Not chosen, the green whispered. Not worthy. Not one of us.

It released him, and he began to fall faster, tumbling through the currents of colour, watching them recede as he plunged toward darkness. He tried to scream, but he had no mouth. He tried to fight, but he had no limbs. He was nothing, less than nothing, a ghost rejected by the very light that had called to him.

And then a hand closed around his wrist.

He had a wrist. He had a hand. He had a body again, solid and real, and the hand gripping him was cold as metal and strong as chains. He looked up and saw a face that was not a face—a skull of silver and chrome, a mask of exposed muscle and pulsing cables, two red eyes burning in the hollows where a human's eyes should be.

"You are not chosen," said Lord Zedd, and his voice was the grinding of tectonic plates, the collapse of stars, the death of worlds. "But I can use you anyway."

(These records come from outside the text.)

(* Let $G$ be an undirected graph, $P$ a set of terminal pairs of $G$, and $x\in V(G)$ such that $G-\{x\}$ is a forest. Assume that each vertex of $G$ occurs in at most one terminal pair, every terminal has degree $1$ in $G$, the two terminals of a pair are not adjacent, every neighbor of $x$ is a leaf of $G-\{x\}$, and $x$ is not a terminal. Then there is a set of pairwise edge-disjoint paths in $G$ connecting every terminal pair in $P$ if and only if every tree $T$ (connected component) of $G-\{x\}$ is $\gamma_\emptyset$-connected.
   Context: For a tree $T$ of $G-\{x\}$, $T$ is $\gamma_\emptyset$-connected if there exists a set $S$ of pairwise edge-disjoint paths in $G[V(T)\cup\{x\}]$ such that for every terminal $a\in V(T)$ belonging to a terminal pair $\{a,b\}\in P$, the set $S$ either contains an $a$–$x$ path not containing $b$, or contains an $a$–$b$ path not containing $x$. *)

From mathcomp Require Import all_boot.
From mathcomp Require Import finset.
Set Implicit Arguments. Unset Strict Implicit. Unset Printing Implicit Defensive.

Section Graphs.
Variable V : finType.

Definition simple_graph (e : rel V) := symmetric e /\ irreflexive e.

Definition del_vertex (e : rel V) (x : V) : rel V :=
  fun u v => [&& e u v, u != x & v != x].

Definition acyclic (e : rel V) :=
  forall c : seq V, 3 <= size c -> uniq c -> ~~ cycle e c.

Definition deg (e : rel V) (v : V) := #|[set w | e v w]|.
(* Consider the ESBAS meta-algorithm $\sigma^{\textsc{esbas}}$ described in the context, run with a stochastic $K$-armed bandit $\Xi$ that guarantees a pseudo-regret of order $\mathcal{O}(\log(T)/\Delta^\dag_\beta)$. If $\Delta_\beta^\dag\in\Theta\left(\beta^{-m^\dag}\right)$ for some $m^\dag>0$, then $$\overline{\rho}_{ss}^{\sigma^{\textsc{esbas}}}(T)\in\mathcal{O}\left(\log^{m^\dag+2}(T)\right).$$
   Context: Setting. An agent interacts episodically with a fixed stochastic environment (actions in $\mathcal{A}$, observations in $\Omega$, rewards in $[R_{min},R_{max}]$). A trajectory is a finite sequence of (observation, action, reward) triples, with return $\mu(\varepsilon)=\sum_{t=1}^{|\varepsilon|}\gamma^{t-1}r(t)$ for a discount $0\le\gamma<1$. An RL algorithm maps a trajectory set $\mathcal{D}$ to a policy $\pi^\alpha_{\mathcal{D}}$; $\mathbb{E}\mu^\alpha_{\mathcal{D}}$ is the expected return of a trajectory generated by $\pi^\alpha_{\mathcal{D}}$. A portfolio is $\mathcal{P}=\{\alpha^k\}_{k=1}^K$. A meta-algorithm $\sigma$ selects at each meta-time $\tau=1,2,\dots$ an algorithm $\sigma(\tau)\in\mathcal{P}$; a trajectory is generated with the policy currently associated with $\sigma(\tau)$ and added to the shared trajectory set ($\mathcal{D}_0=\emptyset$, $\mathcal{D}_\tau=\mathcal{D}_{\tau-1}\cup\{\varepsilon_\tau\}$); $\mathcal{D}^\sigma_\tau$ and $\mathbb{E}_\sigma$ denote the resulting random trajectory set and expectation. ESBAS: epoch $\beta=0,1,\dots$ consists of meta-times $2^\beta,\dots,2^{\beta+1}-1$. At the start of epoch $\beta$ each algorithm computes $\pi^\alpha_{\mathcal{D}_{2^\beta-1}}$, frozen for the epoch, and a fresh instance of $\Xi$ (arms = algorithms) is started; during the epoch $\Xi$ chooses which algorithm's frozen policy generates each trajectory, receiving its return as reward. Short-sighted pseudo-regret: $\overline{\rho}^\sigma_{ss}(T)=\mathbb{E}_\sigma\left[\sum_{\tau=1}^T\left(\max_{\alpha\in\mathcal{P}}\mathbb{E}\mu^\alpha_{\mathcal{D}^\sigma_{\tau-1}}-\mathbb{E}\mu^{\sigma(\tau)}_{\mathcal{D}^\sigma_{\tau-1}}\right)\right]$. Gaps: $\Delta^\alpha_\beta=\max_{\alpha'}\mathbb{E}\mu^{\alpha'}_{\mathcal{D}^{\sigma^{\textsc{esbas}}}_{2^\beta-1}}-\mathbb{E}\mu^{\alpha}_{\mathcal{D}^{\sigma^{\textsc{esbas}}}_{2^\beta-1}}$; $\Delta^\dag_\beta$ is the smallest non-null gap at epoch $\beta$. *)

From mathcomp Require Import all_boot all_order all_algebra.
From mathcomp Require Import all_classical all_reals all_analysis.
From mathcomp Require Import measurable_realfun.
Set Implicit Arguments. Unset Strict Implicit. Unset Printing Implicit Defensive.
Import Order.TTheory GRing.Theory Num.Theory.
Local Open Scope ring_scope.
Local Open Scope ereal_scope.

Section ESBAS_defs.
Context {R : realType}.

Definition emax (K : nat) (m : 'I_K -> \bar R) : \bar R :=
  \big[maxe/-oo]_(a < K) m a.

Definition egap (K : nat) (m : 'I_K -> \bar R) (k : 'I_K) : \bar R :=
  emax m - m k.

Definition min_pos_gap (K : nat) (m : 'I_K -> \bar R) (Dl : R) : Prop :=
  (0 < Dl)%R /\ (exists k, egap m k = Dl%:E) /\
  (forall k, egap m k = 0 \/ Dl%:E <= egap m k).

(** A (randomized, history dependent) K-armed bandit algorithm:
    given the history of (arm, reward) pairs of the current run
    (most recent first), the probability of pulling each arm next. *)
Definition bandit_alg (K : nat) := seq ('I_K * R) -> 'I_K -> R.

Definition is_bandit_alg (K : nat) (Xi : bandit_alg K) : Prop :=
  (forall h k, (0 <= Xi h k)%R) /\ (forall h, (\sum_(k < K) Xi h k)%R = 1%R) /\
  (forall (s : nat) (a : s.-tuple 'I_K) (k : 'I_K),
      measurable_fun setT (fun r : s.-tuple R => Xi (zip a r) k)).

Definition mean (nu : probability R R) : \bar R := \int[nu]_x x%:E.

(** pseudo-regret E[sum_{t=1}^n (mu* - mu_{I_t})] of Xi on the stochastic bandit
    nu (arm k has reward distribution nu k), started from history h. *)
Fixpoint bandit_regret_from (K : nat) (Xi : bandit_alg K)
    (nu : 'I_K -> probability R R) (n : nat) (h : seq ('I_K * R)) : \bar R :=
  match n with
  | 0 => 0
  | n'.+1 => \sum_(k < K) (Xi h k)%:E *
      (egap (fun a => mean (nu a)) k +
       \int[nu k]_x bandit_regret_from Xi nu n' ((k, x) :: h))
  end.

Definition bandit_pseudo_regret (K : nat) (Xi : bandit_alg K)
    (nu : 'I_K -> probability R R) (T : nat) : \bar R :=
  bandit_regret_from Xi nu T [::].

Definition log_regret_guarantee (K : nat) (Xi : bandit_alg K) (lo hi : R) : Prop :=
  exists (C : R) (T0 : nat), forall nu : 'I_K -> probability R R,
    (forall k, nu k `[lo, hi]%classic = 1) ->
    forall T : nat, (T0 <= T)%N ->
    forall Dl : R, min_pos_gap (fun a => mean (nu a)) Dl ->
      bandit_pseudo_regret Xi nu T <= (C * ln T%:R / Dl)%:E.

Section RL.
Context {d : measure_display} {Tr : measurableType d} {K : nat}.

(** gen a D : law of the trajectory generated by the policy pi^a_D
    (algorithm a trained on the trajectory set D) in the environment *)
Definition expected_return (gen : 'I_K -> seq Tr -> probability Tr R)
    (ret : Tr -> R) (a : 'I_K) (D : seq Tr) : \bar R :=
  \int[gen a D]_e (ret e)%:E.

(** epoch of meta-time tau >= 1: 2^beta <= tau < 2^(beta+1) *)
Definition epoch_of (tau : nat) : nat := trunc_log 2 tau.

(** ESBAS expected short-sighted regret accumulated over the next n meta-times,
    when D (most recent first) is the current trajectory set D_{tau-1}
    and A the algorithms selected so far (most recent first). *)
Fixpoint esbas_regret_from (gen : 'I_K -> seq Tr -> probability Tr R)
    (ret : Tr -> R) (Xi : bandit_alg K) (n : nat) (D : seq Tr) (A : seq 'I_K)
    : \bar R :=
  match n with
  | 0 => 0
  | n'.+1 =>
      let beta := epoch_of (size D).+1 in
      let s := (size D - (2 ^ beta).-1)%N in
      let F := drop s D in                          (* D_{2^beta - 1} *)
      let h := zip (take s A) (map ret (take s D)) in (* history of the fresh Ξ *)
      \sum_(k < K) (Xi h k)%:E *
        (egap (fun a => expected_return gen ret a F) k +
         \int[gen k F]_e esbas_regret_from gen ret Xi n' (e :: D) (k :: A))
  end.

The darkness swallowed them both.

---

The surface of the Lazarus Pit exploded.

Jason Todd's body shot upward from the violet depths like a spear thrown by the hand of a god. Water erupted in all directions, steaming where it struck the stone, hissing where it touched the torches lining the walls. His back arched. His mouth opened. And the scream that tore from his throat was not human—it was the sound of a universe being born inside a dead boy's chest.

Then his eyes opened.

They were green. Not the green of the Lazarus waters, not the green of life or poison or the patina on old copper. They were the green of will made visible, of defiance given form, of a soul that had been told it was not worthy and had refused to accept the verdict. They burned in the darkness of the cavern like emerald suns.

He collapsed on the edge of the Pit, coughing up violet water, his hands scrabbling for purchase on the wet stone. His nails cracked against the rock and healed in the same breath. His muscles spasmed, rebelled, rebuilt themselves. Every breath was agony. Every heartbeat was a war.

"Where—" His voice was ash and rust. "Where is he?"

Ra's al Ghul knelt beside him, and for a moment the Demon's Head looked almost gentle. "If you mean the Joker, he lives. Batman found him. Batman saved him. Batman returned him to Arkham Asylum, where he will remain until his next escape."

The words landed like knives in Jason's chest. He turned his burning eyes toward Ra's, and something in his expression made even the centuries-old assassin pause.

"Saved him," Jason repeated. "He saved him."

"He does not kill," Ra's said, and there was no judgment in his voice, only fact. "Not the Joker. Not anyone. It is the line he will not cross, even for the son he loved."

Loved. Past tense. Jason heard it. He filed it away with all the other things he had learned about Bruce Wayne in the years he had worn the Robin suit. Loved. Past tense. Buried with the body.

Talia draped a cloak over his shoulders, and her touch was warm where everything else was cold. "You have time now, Jason Todd. Time to heal. Time to train. Time to become what you need to be."

He pulled the cloak around himself, but his eyes never left the surface of the pool. The violet waters had already faded back to their familiar green, but he had seen something in them. A face. A mask. A promise.

He did not ask what it meant. He was not sure he wanted to know.